You can use the hidden state to keep track of the state of the GRU operation and input further sequential data.

Input Arguments

Input data, specified as a formatted `dlarray`, an unformatted `dlarray`, or a numeric array. When `X` is not a formatted `dlarray`, you must specify the dimension label format using `'DataFormat',FMT`. If `X` is a numeric array, at least one of `H0`, `weights`, `recurrentWeights`, or `bias` must be a `dlarray`.

`X` must contain a sequence dimension labeled `'T'`. If `X` has any spatial dimensions labeled `'S'`, they are flattened into the `'C'` channel dimension. If `X` does not have a channel dimension, then one is added. If `X` has any unspecified dimensions labeled `'U'`, they must be singleton.

Data Types: `single` | `double`

Initial hidden state vector, specified as a formatted `dlarray`, an unformatted `dlarray`, or a numeric array.

If `H0` is a formatted `dlarray`, it must contain a channel dimension labeled `'C'` and optionally a batch dimension labeled `'B'` with the same size as the `'B'` dimension of `X`. If `H0` does not have a `'B'` dimension, the function uses the same hidden state vector for each observation in `X`.

If `H0` is a formatted `dlarray`, then the size of the `'C'` dimension determines the number of hidden units. Otherwise, the size of the first dimension determines the number of hidden units.

Data Types: `single` | `double`

Weights, specified as a formatted `dlarray`, an unformatted `dlarray`, or a numeric array.

Specify `weights` as a matrix of size `3*NumHiddenUnits`-by-`InputSize`, where `NumHiddenUnits` is the size of the `'C'` dimension of `H0`, and `InputSize` is the size of the `'C'` dimension of `X` multiplied by the size of each `'S'` dimension of `X`, where present.

If `weights` is a formatted `dlarray`, it must contain a `'C'` dimension of size `3*NumHiddenUnits` and a `'U'` dimension of size `InputSize`.

Data Types: `single` | `double`

Recurrent weights, specified as a formatted `dlarray`, an unformatted `dlarray`, or a numeric array.

Specify `recurrentWeights` as a matrix of size `3*NumHiddenUnits`-by-`NumHiddenUnits`, where `NumHiddenUnits` is the size of the `'C'` dimension of `H0`.

If `recurrentWeights` is a formatted `dlarray`, it must contain a `'C'` dimension of size `3*NumHiddenUnits` and a `'U'` dimension of size `NumHiddenUnits`.

Data Types: `single` | `double`

Bias, specified as a formatted `dlarray`, an unformatted `dlarray`, or a numeric array.

Specify `bias` as a vector of length `3*NumHiddenUnits`, where `NumHiddenUnits` is the size of the `'C'` dimension of `H0`.

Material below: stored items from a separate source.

Theorem corollary3p13 (T : finType) (M : matroid T) (k : nat)
    (e e' : nat -> T) (C : nat -> {set T}) :
  is_matroid M ->
  (forall i j, 1 <= i <= k -> 1 <= j <= k -> e i = e j -> i = j) ->
  (forall i, i <= k -> 3 <= #|C i|) ->
  (forall i, 1 <= i <= k -> C i.-1 :&: C i = [set e i]) ->
  (forall i j, i <= k -> j <= k -> i + 2 <= j -> C i :&: C j = set0) ->
  e 0 \in C 0 :\: (if 1 <= k then [set e 1] else set0) ->
  (forall i, 1 <= i <= k -> e' i \in C i.-1 :\: [set e i.-1; e i]) ->
  (forall i, i <= k -> circuit (contr_chain M C e e' i) (C i)) ->
  exists D : {set T}, circuit M D /\ \sum_(i < k.+1) #|C i| <= #|D| ^ 2.
Proof.
move=> HM e_inj C_card C_link C_far _ e'_mem C_circuit.
have [D [cD _ _]] := chain_long_circuit HM e_inj C_card C_link C_far e'_mem C_circuit (leq0n k).
rewrite subn0 => ltkD.
pose i0 := [arg max_(i > ord0 : 'I_k.+1) #|C i|].
have [X cX sCX] := chain_circuit_lift HM (C_circuit i0 (ltn_ord i0)).
have sum_le : \sum_(i < k.+1) #|C i| <= #|D| * #|X|.
  apply: (@leq_trans (\sum_(i < k.+1) #|C i0|)).
    by apply: leq_sum => i _; rewrite /i0; case: arg_maxnP => // j _; apply.
  by rewrite sum_nat_const card_ord leq_mul // subset_leq_card.
have [leDX | ltXD] := leqP #|D| #|X|.
  by exists X; split => //; rewrite -mulnn; apply: leq_trans sum_le (leq_mul leDX (leqnn _)).
by exists D; split => //; rewrite -mulnn; apply: leq_trans sum_le (leq_mul (leqnn _) (ltnW ltXD)).
Qed.
(* The code $\mathcal{C}_0=\{3456,123,145,256,45,56,1,2,3,\emptyset\}\subseteq 2^{[6]}$ (where e.g. $3456$ denotes $\{3,4,5,6\}$) is minimally non-convex and has no local obstructions of the first or second kind.
   Context: A code is a subset $\mathcal{C}\subseteq 2^{[n]}$. For $\sigma\subseteq[n]$, $\mathrm{Tk}_{\mathcal{C}}(\sigma)=\{c\in\mathcal{C}\mid\sigma\subseteq c\}$; a trunk in $\mathcal{C}$ is a subset that is empty or of this form. A morphism $f:\mathcal{C}\to\mathcal{D}$ is a function such that preimages of trunks in $\mathcal{D}$ are trunks in $\mathcal{C}$; an isomorphism is a morphism whose inverse function is a morphism. Given $U_1,\dots,U_n\subseteq X$, $\mathrm{code}(\mathcal{U},X)=\{\sigma\subseteq[n]\mid \bigcap_{i\in\sigma}U_i\setminus\bigcup_{j\notin\sigma}U_j\neq\emptyset\}$, the empty intersection being $X$. A code is convex if it equals $\mathrm{code}(\mathcal{U},X)$ for some open convex $X\subseteq\mathbb{R}^d$ and convex open $U_i\subseteq X$. A code $\mathcal{C}$ is minimally non-convex if it is not convex, every trunk properly contained in $\mathcal{C}$ is convex, and every image $f(\mathcal{C})$ under a morphism that is not isomorphic to $\mathcal{C}$ is convex. $\Delta(\mathcal{C})$ denotes the simplicial complex consisting of all subsets of codewords of $\mathcal{C}$. $\mathcal{C}$ has a local obstruction (of the first kind) at $\sigma\in\Delta(\mathcal{C})\setminus\mathcal{C}$ if $\mathrm{link}_{\Delta(\mathcal{C})}(\sigma)$ is not contractible, and a local obstruction of the second kind at $\sigma\in\Delta(\mathcal{C})\setminus\mathcal{C}$ if $\mathrm{link}_{\Delta(\mathcal{C})}(\sigma)$ is not collapsible. *)

From mathcomp Require Import all_boot.
From Stdlib Require Import Reals Relations.

Set Implicit Arguments.
Unset Strict Implicit.
Unset Printing Implicit Defensive.

(* A code on [n] is a set of subsets of 'I_n (element i+1 of [n] is ordinal i). *)
Definition code (n : nat) := {set {set 'I_n}}.

Definition Tk (n : nat) (C : code n) (s : {set 'I_n}) : code n :=
  [set c in C | s \subset c].

Definition is_trunk (n : nat) (C : code n) (T : code n) : Prop :=
  T = set0 \/ exists s : {set 'I_n}, T = Tk C s.

(* f : C -> D morphism (values of f outside C are irrelevant) *)
Definition code_morphism (n m : nat) (C : code n) (D : code m)
  (f : {set 'I_n} -> {set 'I_m}) : Prop :=
  (forall c, c \in C -> f c \in D) /\
  (forall T : code m, is_trunk D T -> is_trunk C [set c in C | f c \in T]).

If `bias` is a formatted `dlarray`, the nonsingleton dimension must be labeled with `'C'`.

Data Types: `single` | `double`

Dimension order of unformatted input data, specified as the comma-separated pair consisting of `'DataFormat'` and a character array or string `FMT` that provides a label for each dimension of the data. Each character in `FMT` must be one of the following:

• `'S'` — Spatial

• `'C'` — Channel

• `'B'` — Batch (for example, samples and observations)

• `'T'` — Time (for example, sequences)

• `'U'` — Unspecified

You can specify multiple dimensions labeled `'S'` or `'U'`. You can use the labels `'C'`, `'B'`, and `'T'` at most once.

You must specify `'DataFormat',FMT` when the input data is not a formatted `dlarray`.

Example: `'DataFormat','SSCB'`

Data Types: `char` | `string`

Output Arguments

GRU output, returned as a `dlarray`. The output `Y` has the same underlying data type as the input `X`.

If the input data `X` is a formatted `dlarray`, `Y` has the same dimension format as `X`, except for any `'S'` dimensions. If the input data is not a formatted `dlarray`, `Y` is an unformatted `dlarray` with the same dimension order as the input data.

The size of the `'C'` dimension of `Y` is the same as the number of hidden units, specified by the size of the `'C'` dimension of `H0`.

Hidden state vector for each observation, returned as a `dlarray` or a numeric array with the same data type as `H0`.

If the input `H0` is a formatted `dlarray`, then the output `hiddenState` is a formatted `dlarray` with the format `'CB'`.

Limitations

• `functionToLayerGraph` does not support the `gru` function. If you use `functionToLayerGraph` with a function that contains the `gru` operation, the resulting `LayerGraph` contains placeholder layers.

Gated Recurrent Unit

The GRU operation allows a network to learn dependencies between time steps in time series and sequence data. For more information, see the Gated Recurrent Unit Layer definition on the `gruLayer` reference page.

References

[1] Cho, Kyunghyun, Bart Van Merriënboer, Caglar Gulcehre, Dzmitry Bahdanau, Fethi Bougares, Holger Schwenk, and Yoshua Bengio. "Learning phrase representations using RNN encoder-decoder for statistical machine translation." arXiv preprint arXiv:1406.1078 (2014).

Version History

Introduced in R2020a